Selbstverständlich gibt es auch Situationen, in denen man einen Wein jung trinken kann. Nach einer Bergtour, einem Tennismatch oder wenn die Sommersonne die Terrasse wärmt, wirkt die Frische und die schöne Primärfrucht eines edlen Tropfens belebend. Ja, man goutiert dann mitunter sogar die harsche Säure, die kernigen Tannine oder den aggressiven Alkohol eines noch jungen Weines. Und natürlich ist es spannend, den Werdegang eines solchen Gewächses zu verfolgen.

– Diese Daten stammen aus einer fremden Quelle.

(* For every proper caterpillar $T$ and every $\beta\in\Phi(T)$, \[U^L_T(\mathbf{x})=\mathcal{L}(\beta,\mathbf{x}).\]
   Context: Let $\mathbf{x}=x_1,x_2,\ldots$ be commuting indeterminates; for a partition $\lambda=\lambda_1\cdots\lambda_l$ put $\mathbf{x}_\lambda=x_{\lambda_1}\cdots x_{\lambda_l}$. A composition is a finite nonempty sequence of positive integers; the type $\lambda(\alpha)$ of a composition $\alpha$ is the partition obtained by sorting its parts in weakly decreasing order. A composition $\alpha$ is a coarsening of $\beta$, written $\alpha\succeq\beta$, if $\alpha$ is obtained from $\beta$ by summing blocks of consecutive parts (i.e. there are indices $1=j_0<j_1<\cdots<j_{i+1}=\ell(\beta)+1$ with $\alpha_r=\beta_{j_{r-1}}+\cdots+\beta_{j_r-1}$). The $\mathcal{L}$-polynomial is $\mathcal{L}(\beta,\mathbf{x})=\sum_{\alpha\succeq\beta}\mathbf{x}_{\lambda(\alpha)}$. A caterpillar is a tree in which the internal (non-leaf) vertices induce a non-trivial path (the spine), with $L(T)$ the set of non-spine edges; it is proper if every internal vertex is adjacent to a leaf. For $A\subseteq E(T)$, $\lambda(A)$ is the partition formed by the sizes of the components of $(V(T),A)$, and $U^L_T(\mathbf{x})=\sum_{A\subseteq E(T),\,L(T)\subseteq A}\mathbf{x}_{\lambda(A)}$. For a proper caterpillar with spine $v_1\cdots v_k$, let $\beta_i$ be the number of vertices of the component of $(V(T),L(T))$ containing $v_i$, and $\Phi(T)=\{\beta_1\cdots\beta_k,\ \beta_k\cdots\beta_1\}$. *)

From mathcomp Require Import all_boot all_order all_algebra.
Set Implicit Arguments. Unset Strict Implicit. Unset Printing Implicit Defensive.
Import GRing.Theory.
Local Open Scope ring_scope.

Section Graphs.
Variable V : finType.
Variable e : rel V.

Definition simple_graph := symmetric e /\ irreflexive e.

Definition edges : {set {set V}} := [set [set p.1; p.2] | p : V * V & e p.1 p.2].

Definition connected := forall x y : V, connect e x y.

Definition acyclic := forall c : seq V, uniq c -> (3 <= size c)%N -> ~~ cycle e c.

Definition is_tree := connected /\ acyclic.

Definition degree (v : V) : nat := #|[set u | e v u]|.
Definition is_leaf (v : V) : bool := degree v == 1%N.
Definition is_internal (v : V) : bool := ~~ is_leaf v.

(* s = v_1 ... v_k is a spine: the internal vertices induce the non-trivial
   path v_1 ... v_k (k >= 2) *)
Definition is_spine (s : seq V) : Prop :=
  [/\ uniq s, (2 <= size s)%N,
      (forall v, (v \in s) = is_internal v),
      (forall (x0 : V) (i : nat), (i.+1 < size s)%N ->
          e (nth x0 s i) (nth x0 s i.+1)) &
      (forall x y, x \in s -> y \in s -> e x y ->
          (index y s == (index x s).+1) || (index x s == (index y s).+1))].

Definition caterpillar := exists s, is_spine s.

Definition proper_caterpillar :=
  caterpillar /\ forall v, is_internal v -> exists2 u, e v u & is_leaf u.

Definition leaf_edges : {set {set V}} :=
  [set f in edges | ~~ (f \subset [set v | is_internal v])].

Definition edge_rel (A : {set {set V}}) : rel V := fun x y => [set x; y] \in A.

Definition component (A : {set {set V}}) (v : V) : {set V} :=
  [set y | connect (edge_rel A) v y].

Definition components (A : {set {set V}}) : {set {set V}} :=
  [set component A v | v : V].

Definition xA (R : comNzRingType) (x : nat -> R) (A : {set {set V}}) : R :=
  \prod_(C in components A) x #|C|.

Definition UL (R : comNzRingType) (x : nat -> R) : R :=
  \sum_(A : {set {set V}} | (A \subset edges) && (leaf_edges \subset A)) xA x A.

Definition spine_comp (s : seq V) : seq nat :=
  [seq #|component leaf_edges v| | v <- s].

Definition Phi (beta : seq nat) : Prop :=
  exists2 s, is_spine s & (beta = spine_comp s \/ beta = rev (spine_comp s)).

End Graphs.

(* coarsening: alpha is obtained from beta by summing blocks of consecutive
   parts.  0-indexed version of the cut indices 1 = j_0 < ... < j_{i+1} = l(beta)+1:
   J = [:: J_0; ...; J_{size alpha}] with 0 = J_0 < ... < J_{size alpha} = size beta
   and alpha_r = beta_{J_r} + ... + beta_{J_{r+1}-1}.  All such J have entries
   <= size beta, so the existential ranges over a finite type. *)
Definition coarsening_by (alpha beta Js : seq nat) : bool :=
  [&& sorted ltn Js, size Js == (size alpha).+1, nth 0 Js 0 == 0%N,
      nth 0 Js (size alpha) == size beta &
      all (fun r => nth 0 alpha r ==
                    (\sum_(nth 0 Js r <= t < nth 0 Js r.+1) nth 0 beta t)%N)
          (iota 0 (size alpha))].

Definition coarsening (alpha beta : seq nat) : bool :=
  [exists J : {ffun 'I_(size alpha).+1 -> 'I_(size beta).+1},
     coarsening_by alpha beta [seq val (J i) | i <- enum 'I_(size alpha).+1]].

Definition ptype (alpha : seq nat) : seq nat := sort geq alpha.

Definition xpart (R : comNzRingType) (x : nat -> R) (lam : seq nat) : R :=
  \prod_(a <- lam) x a.

(* Every coarsening of beta is a sequence of length l <= n := sumn beta with
   entries in [1, n]; it is enumerated exactly once as a finite function
   'I_l -> 'I_(n.+1). *)
Definition Lpoly (R : comNzRingType) (x : nat -> R) (beta : seq nat) : R :=
  let n := sumn beta in
  \sum_(l < n.+1)
    \sum_(t : {ffun 'I_l -> 'I_n.+1} | coarsening [seq val (t i) | i <- enum 'I_l] beta)
      xpart x (ptype [seq val (t i) | i <- enum 'I_l]).

From mathcomp Require Import all_boot all_order all_algebra.
From mathcomp Require Import zify.
Set Implicit Arguments. Unset Strict Implicit. Unset Printing Implicit Defensive.

(* An edge set A with L(T) <= A <= E(T) is
   L(T) together with a choice of spine edges, i.e. a choice of "cuts"
   c in {0,1}^(k-1) (the spine edges left out). The components of (V(T), A)
   are the unions of the leaf-edge components of consecutive spine vertices
   between two cuts, so lambda(A) is the type of the composition of block
   sums of beta for the cuts c. Conversely every coarsening of beta is the
   block-sum composition for exactly one c, since all parts of beta are
   positive. Reversing the spine gives the case beta_k ... beta_1. *)

Lemma all_iota0P (P : pred nat) n :
  reflect (forall r, r < n -> P r) (all P (iota 0 n)).
Proof. by apply: (iffP allP) => P_iota r; have := P_iota r; rewrite mem_iota. Qed.

Lemma big_nat_shift1 m n (F : nat -> nat) :
  (\sum_(m.+1 <= i < n.+1) F i = \sum_(m <= i < n) F i.+1)%N.
Proof. by rewrite -addn1 big_addn subn1; apply: eq_bigr => i _; rewrite addn1. Qed.

Lemma sorted_ltn_0S (J : seq nat) : sorted ltn (0 :: map S J) = sorted ltn J.
Proof. by case: J => //= j J; rewrite path_map. Qed.

Lemma path_ltn0_mapS (s : seq nat) : path ltn 0 s -> s = map S (map predn s).
Proof.
move=> /(order_path_min ltn_trans); elim: s => //= y s IH /andP[y_gt0 s_gt0].
by rewrite prednK // -IH.
Qed.

Lemma coarsening_byP alpha beta Js : coarsening_by alpha beta Js <->
  [/\ sorted ltn Js, size Js = (size alpha).+1, nth 0 Js 0 = 0,
      nth 0 Js (size alpha) = size beta &
      forall r, r < size alpha -> nth 0 alpha r =
        (\sum_(nth 0 Js r <= t < nth 0 Js r.+1) nth 0 beta t)%N].
Proof.
split=> [/and5P[Js_sorted /eqP Js_size /eqP Js0 /eqP Js_last /all_iota0P alphaE]|].
  by split=> // r /alphaE /eqP.
case=> Js_sorted Js_size Js0 Js_last alphaE.
apply/and5P; split=> //; try exact/eqP.
by apply/all_iota0P => r /alphaE ->.
Qed.

Lemma coarsening_by_cons a0 alpha beta J :
  coarsening_by (a0 :: alpha) beta (0 :: map S J) <->
  [/\ sorted ltn J, size J = (size alpha).+1, (nth 0 J (size alpha)).+1 = size beta,
      a0 = (\sum_(0 <= t < (nth 0 J 0).+1) nth 0 beta t)%N &
      forall r, r < size alpha -> nth 0 alpha r =
        (\sum_((nth 0 J r).+1 <= t < (nth 0 J r.+1).+1) nth 0 beta t)%N].
Proof.
rewrite coarsening_byP sorted_ltn_0S /= size_map.
split=> [[J_sorted [J_size] _ J_last alphaE] | [J_sorted J_size J_last a0E alphaE]].
  rewrite (nth_map 0) ?J_size // in J_last.
  split=> //; first by have := alphaE 0 isT; rewrite /= (nth_map 0) ?J_size.
  move=> r r_lt; have := alphaE r.+1; rewrite ltnS r_lt /= => /(_ isT) ->.
  by rewrite !(nth_map 0) ?J_size // ltnW.
split; rewrite ?J_size ?(nth_map 0) ?J_size //; case=> [|r] r_lt //=.
  by rewrite (nth_map 0) ?J_size.
by rewrite alphaE // !(nth_map 0) ?J_size // ltnW.
Qed.

Lemma coarsening_by_shape alpha beta Js :
  coarsening_by alpha beta Js -> 0 < size beta ->
  exists a0 alpha' J, alpha = a0 :: alpha' /\ Js = 0 :: map S J.
Proof.
case/coarsening_byP=> Js_sorted Js_size Js0 Js_last _ beta_gt0.
case: alpha Js_size Js_last => [|a0 alpha] Js_size Js_last.
  by move: beta_gt0; rewrite -Js_last Js0.
case: Js Js_sorted Js_size Js0 {Js_last} => // j0 Js Js_sorted _ /= j0E.
by exists a0, alpha, (map predn Js); rewrite -path_ltn0_mapS // -j0E.
Qed.

Lemma coarsening_by_cut a0 alpha b beta J : nth 0 J 0 = 0 ->
  coarsening_by (a0 :: alpha) (b :: beta) (0 :: map S J) <->
  a0 = b /\ coarsening_by alpha beta J.
Proof.
move=> J0; rewrite coarsening_by_cons J0 big_nat1 /= coarsening_byP.
split=> [[J_sorted J_size [J_last] -> alphaE] | [-> [J_sorted J_size _ J_last alphaE]]].
  by split=> //; split=> // r /alphaE ->; rewrite big_nat_shift1.
by split=> [|||| r /alphaE ->]; rewrite ?J_last ?big_nat_shift1.
Qed.

Lemma sum_nth_merge b1 b2 beta n :
  (\sum_(0 <= t < n.+2) nth 0 [:: b1, b2 & beta] t =
   \sum_(0 <= t < n.+1) nth 0 (b1 + b2 :: beta) t)%N.
Proof. by rewrite !big_nat_recl //= addnA. Qed.

Lemma coarsening_by_merge a0 alpha b1 b2 beta J :
  coarsening_by (a0 :: alpha) [:: b1, b2 & beta] (0 :: map S (map S J)) <->
  coarsening_by (a0 :: alpha) (b1 + b2 :: beta) (0 :: map S J).
Proof.
rewrite !coarsening_by_cons sorted_map size_map.
split=> -[J_sorted J_size J_last a0E alphaE].
  rewrite !(nth_map 0) ?J_size // in J_last a0E.
  split=> //; first by move: J_last => [->].
    by rewrite a0E sum_nth_merge.
  by move=> r r_lt; rewrite alphaE // !(nth_map 0) ?J_size ?big_nat_shift1 // ltnW.
rewrite !(nth_map 0) ?J_size //; split=> //; first by rewrite J_last.
  by rewrite a0E sum_nth_merge.
by move=> r r_lt; rewrite alphaE // !(nth_map 0) ?J_size ?big_nat_shift1 // ltnW.
Qed.

Fixpoint coarsen (a : nat) (beta : seq nat) (c : seq bool) : seq nat :=
  match beta, c with
  | b :: beta', cut :: c' =>
      if cut then a :: coarsen b beta' c' else coarsen (a + b) beta' c'
  | _, _ => [:: a]
  end.

Fixpoint bitseqs (m : nat) : seq (seq bool) :=
  if m is m'.+1 then map (cons true) (bitseqs m') ++ map (cons false) (bitseqs m')
  else [:: [::]].

Lemma mem_bitseqs m c : (c \in bitseqs m) = (size c == m).
Proof.
elim: m c => [|m IH] [|b c] //=; rewrite mem_cat.
  by apply/negP => /orP[] /mapP[].
rewrite eqSS -IH; apply/orP/idP => [[] /mapP[c' c'_in [_ ->]] // | c_in].
by case: b; [left | right]; apply/mapP; exists c.
Qed.

Lemma uniq_bitseqs m : uniq (bitseqs m).
Proof.
elim: m => //= m IH; rewrite cat_uniq !map_inj_uniq ?IH //; try by move=> ? ? [].
by rewrite andbT; apply/hasPn => _ /mapP[c _ ->]; apply/negP => /mapP[? _ []].
Qed.

Lemma big_tuple_bitseqs (R : Type) (idx : R) (op : Monoid.com_law idx) m
    (F : seq bool -> R) :
  \big[op/idx]_(t : m.-tuple bool) F t = \big[op/idx]_(c <- bitseqs m) F c.
Proof.
rewrite -(big_map val xpredT F); apply/perm_big/uniq_perm.
- by rewrite map_inj_uniq ?index_enum_uniq //; apply: val_inj.
- exact: uniq_bitseqs.
move=> c; rewrite mem_bitseqs; apply/mapP/idP => [[t _ ->] | c_size].
  by rewrite size_tuple.
by exists (Tuple c_size); rewrite ?mem_index_enum.
Qed.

Zwar gleicht es immer wieder einem Abenteuer, ältere Weine zu trinken. Die bange Frage vor dem ersten Schluck lautet, ob denn dieser noch schmecken wird und vor allem: wie? Bei Raritäten spürt man dann die berühmten Schmetterlinge im Bauch. Aber auch sozusagen normale Kreszenzen aus älterer Zeit  lösen einen Kitzel aus.

Versuchen Sie doch einmal einen komplexen, gereiften zypriotischen Wein zu einem richtig guten Essen oder bei einem besonderen Anlass. Ein solcher Tropfen ist ein seltenes Vergnügen und ein Erlebnis für anspruchsvolle Weinmomente.

Leider ist es heute nicht mehr Mode, Weine zu lagern und erst Jahre später zu geniessen. Legen Sie trotz allem einmal einige Flaschen in den Keller und vergessen diese für ein paar Jahre oder probieren Sie einen älteren Wein, den die Weinhandlung Paphos-Weine GmbH noch im Sortiment hat (oder fragen Sie ungeniert nach, was an gereiften Weinen noch im Keller schlummert.). Sie werden überrascht sein, wie viel Spass diese “alten Säfte” noch machen. Lesen Sie dazu auf der Website auch unseren Bericht, spezifisch über gereifte zypriotische Gewächse.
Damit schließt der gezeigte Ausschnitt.